*Work request:*
The entries below contain a line with "by (symmetry; exact (is_derive_unique _ _ _ Hw1))." and a line with "set (K := Rmax 2 (2 - ln eps)).". Quote exactly those two lines and all lines between them.

*Records for the exercise:*
Lemma profile_comp_derive_sum_nonpos (a C : R) (phi : R -> R) (x : R) :
  0 <= a -> 0 < 1 + phi x -> 1 <= shifted_power a C (phi x) ->
  locally x (ex_derive phi) -> ex_derive (Derive phi) x ->
  0 <= Derive phi x -> - Derive (Derive phi) x <= Derive phi x / 2 ->
  (a + 1) * Rpower (1 + phi x) a * Derive phi x <= / 2 ->
  ex_derive (fun y => profile a C (phi y)) x /\
  ex_derive (Derive (fun y => profile a C (phi y))) x /\
  Derive (fun y => profile a C (phi y)) x
    + Derive (Derive (fun y => profile a C (phi y))) x <= 0.
Proof.
intros Ha Hp Hs Hphi Hphi2 Hf1 Hf2 Hslope.
set (p := phi x) in *.
assert (HF : locally p (fun q => is_derive (profile a C) q (- profile a C q * profile_rate a C q))).
{ generalize (locally_shifted_power_pos a C p Hp ltac:(lra)). apply filter_imp.
  intros q [Hq Hsq]. apply is_derive_profile; lra. }
assert (HF' := is_derive_profile_slope a C p ltac:(lra) Hp ltac:(lra)).
destruct (is_derive2_comp _ _ phi x _ Hphi Hphi2 HF HF') as [Hw1 Hw2].
split; [eexists; exact Hw1|]. split; [eexists; exact Hw2|].
replace (Derive (fun y => profile a C (phi y)) x)
  with (Derive phi x * (- profile a C p * profile_rate a C p))
  by (symmetry; exact (is_derive_unique _ _ _ Hw1)).
replace (Derive (Derive (fun y => profile a C (phi y))) x)
  with (Derive (Derive phi) x * (- profile a C p * profile_rate a C p) + Derive phi x ^ 2 *
        (profile a C p * profile_rate a C p * (profile_rate a C p - rate_log_derivative a C p)))
  by (symmetry; exact (is_derive_unique _ _ _ Hw2)).
apply second_order_combination_nonpos.
- apply exp_pos.
- apply profile_rate_pos. lra.
- exact Hf1.
- exact Hf2.
- eapply Rle_trans; [|exact Hslope].
  apply Rmult_le_compat_r; [exact Hf1|]. now apply profile_rate_sub_log_derivative_le.
Qed.

Lemma slope_bound_of_little_o a p f : 0 <= a -> 1 <= p -> 0 <= f ->
  f <= / (2 * (a + 1) * Rpower 2 a) * Rpower p (- a) ->
  (a + 1) * Rpower (1 + p) a * f <= / 2.
Proof.
intros Ha Hp Hf0 Hf.
assert (H2 : 0 < Rpower 2 a) by apply exp_pos.
assert (Hpa : 0 < Rpower p a) by apply exp_pos.
assert (Hgrowth : Rpower (1 + p) a <= Rpower 2 a * Rpower p a).
{ rewrite Rpower_mult_distr by lra. apply Rle_Rpower_l; lra. }
rewrite Rpower_Ropp in Hf.
apply Rle_trans with ((a + 1) * (Rpower 2 a * Rpower p a) * f).
- apply Rmult_le_compat_r; [lra|]. apply Rmult_le_compat_l; lra.
- apply Rmult_le_compat_l with (r := (a + 1) * Rpower 2 a * Rpower p a) in Hf;
    [|left; repeat apply Rmult_lt_0_compat; lra].
  replace ((a + 1) * Rpower 2 a * Rpower p a * (/ (2 * (a + 1) * Rpower 2 a) * / Rpower p a))
    with (/ 2) in Hf by (field; lra).
  lra.
Qed.

Lemma level_vanishes alpha rho eps : 0 < alpha + 1 -> 0 < rho -> 0 < eps ->
  exists t1, 0 < t1 /\ forall t, t1 <= t -> level alpha rho t < eps.
Proof.
intros Ha Hrho Heps.
set (K := Rmax 2 (2 - ln eps)).
assert (HK : 2 <= K /\ 2 - ln eps <= K) by (split; [apply Rmax_l|apply Rmax_r]).
assert (HKa : 1 < Rpower K (alpha + 1)).
{ rewrite <- (Rpower_O K) at 1 by lra. apply Rpower_lt; lra. }
assert (Hra : 0 < rho * (alpha + 1)) by nra.
exists ((Rpower K (alpha + 1) - 1) / (rho * (alpha + 1))).
split; [apply Rdiv_lt_0_compat; lra|]. intros t Ht.
assert (HC : Rpower K (alpha + 1) <= rho * (alpha + 1) * t + 1).
{ apply Rmult_le_compat_l with (r := rho * (alpha + 1)) in Ht; [|lra].
  replace (rho * (alpha + 1) * ((Rpower K (alpha + 1) - 1) / (rho * (alpha + 1))))
    with (Rpower K (alpha + 1) - 1) in Ht by (field; lra).
  lra. }
assert (HR : K <= Rpower (rho * (alpha + 1) * t + 1) (1 / (alpha + 1))).
{ replace K with (Rpower (Rpower K (alpha + 1)) (1 / (alpha + 1))).
  - apply Rle_Rpower_l; [apply Rlt_le, Rdiv_lt_0_compat|]; lra.
  - rewrite Rpower_mult. replace ((alpha + 1) * (1 / (alpha + 1))) with 1 by (field; lra).
    apply Rpower_1; lra. }
unfold level. rewrite <- (exp_ln eps) by exact Heps. apply exp_increasing. lra.
Qed.
Lemma peer_pairs_F_le S T : peer_pairs S T -> F_le leb peer_pairs S T.
Proof.
  intros [SS [ST' [B [HBpre [HBpost Hs]]]]].
  split; [auto|split; [auto|]].
  assert (F := subc_F_ct leb_refl HBpre HBpost Hs).
  rewrite <- !trM_unfold in F.
  assert (Mk : forall X Y, subc_B leb B (trM X) (trM Y) -> peer_pairs X Y).
  { intros X Y [A [C D]].
    split; [apply ST_iff_SC_trM; auto|split; [apply ST_iff_SC_trM; auto|]].
    exists B. split; [auto|split; [auto|split; [auto|split; auto]]]. }
  assert (MkB : forall X Y, B (trM X) (trM Y) -> peer_pairs X Y)
    by (intros X Y H; apply Mk, HBpost; auto).
  destruct (st_unfold S) as [|t1 S1|t1 S1|T1 S1|T1 S1|bs|bs|x b|y];
    simpl in F |- *; auto.
  - apply trM_eq_C1; auto.
  - destruct F as [t2 [z [E [F G]]]]. apply trM_eq_CInB in E as [V2 [-> ->]]. eauto 10.
  - destruct F as [t2 [z [E [F G]]]]. apply trM_eq_COutB in E as [V2 [-> ->]]. eauto 10.
  - destruct F as [c2 [z [E [F G]]]]. apply trM_eq_CInC in E as [V1 [V2 [-> [-> ->]]]]. eauto 10.
  - destruct F as [c2 [z [E [F G]]]]. apply trM_eq_COutC in E as [V1 [V2 [-> [-> ->]]]]. eauto 10.
  - destruct F as [bs' [E F]]. apply trM_eq_CExt in E as [bs0 [-> ->]]. exists bs0. split; auto.
    intros l Ti Hin. destruct (F l (trM Ti)) as [y [Hy Hs']]; [apply In_map_trM; eauto|].
    apply In_map_trM in Hy as [Y [HY ->]]. eauto.
  - destruct F as [bs' [E F]]. apply trM_eq_CInt in E as [bs0 [-> ->]]. exists bs0. split; auto.
    intros l Si Hin. destruct (F l (trM Si)) as [x [Hx Hs']]; [apply In_map_trM; eauto|].
    apply In_map_trM in Hx as [X [HX ->]]. eauto.
Qed.

Theorem peer_sub_subtype S T : ST S -> ST T -> peer_sub leb (trM S) (trM T) -> subtype leb S T.
Proof.
  intros SS ST' [B [HBpre [HBpost H]]]. exists peer_pairs. split; [apply peer_pairs_F_le|].
  split; [auto|split; [auto|]]. exists B. split; [auto|split; [auto|]]. apply HBpost; auto.
Qed.

End Correspondence.

Theorem mainTheorem1 (BT : Type) (leb : BT -> BT -> Prop) (Hleb : PreOrder leb)
  (S T : st BT) :
  ST S -> ST T -> (subtype leb S T <-> peer_sub leb (trM S) (trM T)).
Proof.
  intros SS ST'. split.
  - apply subtype_peer_sub; auto.
  - apply peer_sub_subtype; auto.
Qed.
Lemma nonhorizontal_limit_value : a3 <> 0 ->
  sqrt ((a1 ^ 2 + (a2 + a3) ^ 2) / a3 ^ 2) = sqrt (d1 ^ 2 + d2 ^ 2) / (Rabs X * Rabs a3).
Proof.
  intros Hw.
  replace ((a1 ^ 2 + (a2 + a3) ^ 2) / a3 ^ 2) with ((d1 ^ 2 + d2 ^ 2) / (X * a3) ^ 2).
  2: { unfold omv in *. field. split; [exact HX |].
       intros E. apply Hw. replace d2 with (d3 * X) by lra. field. exact HX. }
  rewrite sqrt_div_alt by (apply pow2_gt_0, Rmult_integral_contrapositive; split; assumption).
  rewrite <- (Rsqr_pow2 (X * a3)), sqrt_Rsqr_abs, Rabs_mult. reflexivity.
Qed.
End Curve.

Theorem lemma2p6 (g1 g2 g3 : R -> R) (a b t : R) :
  (* gamma takes values in G *)
  (forall s, a <= s <= b -> 0 < g1 s) ->
  (* Euclidean C^2 smoothness on [a,b] *)
  (forall s, a <= s <= b ->
     ex_derive g1 s /\ ex_derive g2 s /\ ex_derive g3 s /\
     ex_derive (Derive g1) s /\ ex_derive (Derive g2) s /\
     ex_derive (Derive g3) s /\
     continuous (Derive (Derive g1)) s /\ continuous (Derive (Derive g2)) s /\
     continuous (Derive (Derive g3)) s) ->
  (* regularity *)
  (forall s, a <= s <= b ->
     ~ (Derive g1 s = 0 /\ Derive g2 s = 0 /\ Derive g3 s = 0)) ->
  a <= t <= b ->
  let d1 := Derive g1 t in
  let d2 := Derive g2 t in
  let d3 := Derive g3 t in
  let dd1 := Derive (Derive g1) t in
  let dd3 := Derive (Derive g3) t in
  let w := omv g1 g2 g3 t in
  let dw := Derive (omv g1 g2 g3) t in
  let S := (d1 / g1 t) ^ 2 + d3 ^ 2 in
  (w <> 0 ->
     is_lim (fun L => kL L g1 g2 g3 t) p_infty
       (sqrt (d1 ^ 2 + d2 ^ 2) / (Rabs (g1 t) * Rabs w)))
  /\
  (w = 0 -> dw = 0 ->
     is_lim (fun L => kL L g1 g2 g3 t) p_infty
       (sqrt ((((dd1 * g1 t - d1 ^ 2) / g1 t ^ 2) ^ 2 + dd3 ^ 2) / S ^ 2
              - ((dd1 * d1 * g1 t - d1 ^ 3) / g1 t ^ 3 + d3 * dd3) ^ 2
                / S ^ 3)))
  /\
  (w = 0 -> dw <> 0 ->
     is_lim (fun L => kL L g1 g2 g3 t / sqrt L) p_infty (Rabs dw / S)).
Proof.
  intros Hpos Hsm Hreg Ht d1 d2 d3 dd1 dd3 w dw S.
  assert (HX : g1 t <> 0) by (apply Rgt_not_eq, Hpos, Ht).
  destruct (Hsm t Ht) as (Hd1 & _ & _ & _ & Hdd2 & Hdd3 & _).
  assert (Hk : forall L, 0 < L -> kL L g1 g2 g3 t
             = sqrt (curv2 L (d1 / g1 t) d3 w ((dd1 * g1 t - d1 ^ 2) / g1 t ^ 2) dd3 dw)).
  { intros L HL. unfold dw. rewrite Derive_omv by assumption. apply kL_curv2; assumption. }
  assert (HS : w = 0 -> 0 < S)
    by (intros Hw; exact (horizontal_speed_pos g1 g2 g3 t HX Hw (Hreg t Ht))).
  split; [| split].
  - intros Hw.
    eapply is_lim_ext_loc; [exists 0; intros L HL; symmetry; apply Hk, HL |].
    unfold d1, d2, w. rewrite <- nonhorizontal_limit_value by assumption.
    apply curv2_lim_nonhorizontal, Hw.
  - intros Hw Hdw. specialize (HS Hw). rewrite Hw, Hdw in Hk.
    eapply is_lim_ext_loc; [| apply is_lim_const].
    exists 0. intros L HL.
    rewrite Hk by exact HL. rewrite curv2_horizontal by exact (Rgt_not_eq _ _ HS).
    fold S. f_equal. clearbody S. field. split; [apply Rgt_not_eq, HS | exact HX].
  - intros Hw _. rewrite Hw in Hk.
    eapply is_lim_ext_loc; [exists 0; intros L HL; symmetry; rewrite Hk by exact HL; reflexivity |].
    apply curv2_lim_horizontal, HS, Hw.
Qed.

*Output for this task:*
  by (symmetry; exact (is_derive_unique _ _ _ Hw1)).
replace (Derive (Derive (fun y => profile a C (phi y))) x)
  with (Derive (Derive phi) x * (- profile a C p * profile_rate a C p) + Derive phi x ^ 2 *
        (profile a C p * profile_rate a C p * (profile_rate a C p - rate_log_derivative a C p)))
  by (symmetry; exact (is_derive_unique _ _ _ Hw2)).
apply second_order_combination_nonpos.
- apply exp_pos.
- apply profile_rate_pos. lra.
- exact Hf1.
- exact Hf2.
- eapply Rle_trans; [|exact Hslope].
  apply Rmult_le_compat_r; [exact Hf1|]. now apply profile_rate_sub_log_derivative_le.
Qed.

Lemma slope_bound_of_little_o a p f : 0 <= a -> 1 <= p -> 0 <= f ->
  f <= / (2 * (a + 1) * Rpower 2 a) * Rpower p (- a) ->
  (a + 1) * Rpower (1 + p) a * f <= / 2.
Proof.
intros Ha Hp Hf0 Hf.
assert (H2 : 0 < Rpower 2 a) by apply exp_pos.
assert (Hpa : 0 < Rpower p a) by apply exp_pos.
assert (Hgrowth : Rpower (1 + p) a <= Rpower 2 a * Rpower p a).
{ rewrite Rpower_mult_distr by lra. apply Rle_Rpower_l; lra. }
rewrite Rpower_Ropp in Hf.
apply Rle_trans with ((a + 1) * (Rpower 2 a * Rpower p a) * f).
- apply Rmult_le_compat_r; [lra|]. apply Rmult_le_compat_l; lra.
- apply Rmult_le_compat_l with (r := (a + 1) * Rpower 2 a * Rpower p a) in Hf;
    [|left; repeat apply Rmult_lt_0_compat; lra].
  replace ((a + 1) * Rpower 2 a * Rpower p a * (/ (2 * (a + 1) * Rpower 2 a) * / Rpower p a))
    with (/ 2) in Hf by (field; lra).
  lra.
Qed.

Lemma level_vanishes alpha rho eps : 0 < alpha + 1 -> 0 < rho -> 0 < eps ->
  exists t1, 0 < t1 /\ forall t, t1 <= t -> level alpha rho t < eps.
Proof.
intros Ha Hrho Heps.
set (K := Rmax 2 (2 - ln eps)).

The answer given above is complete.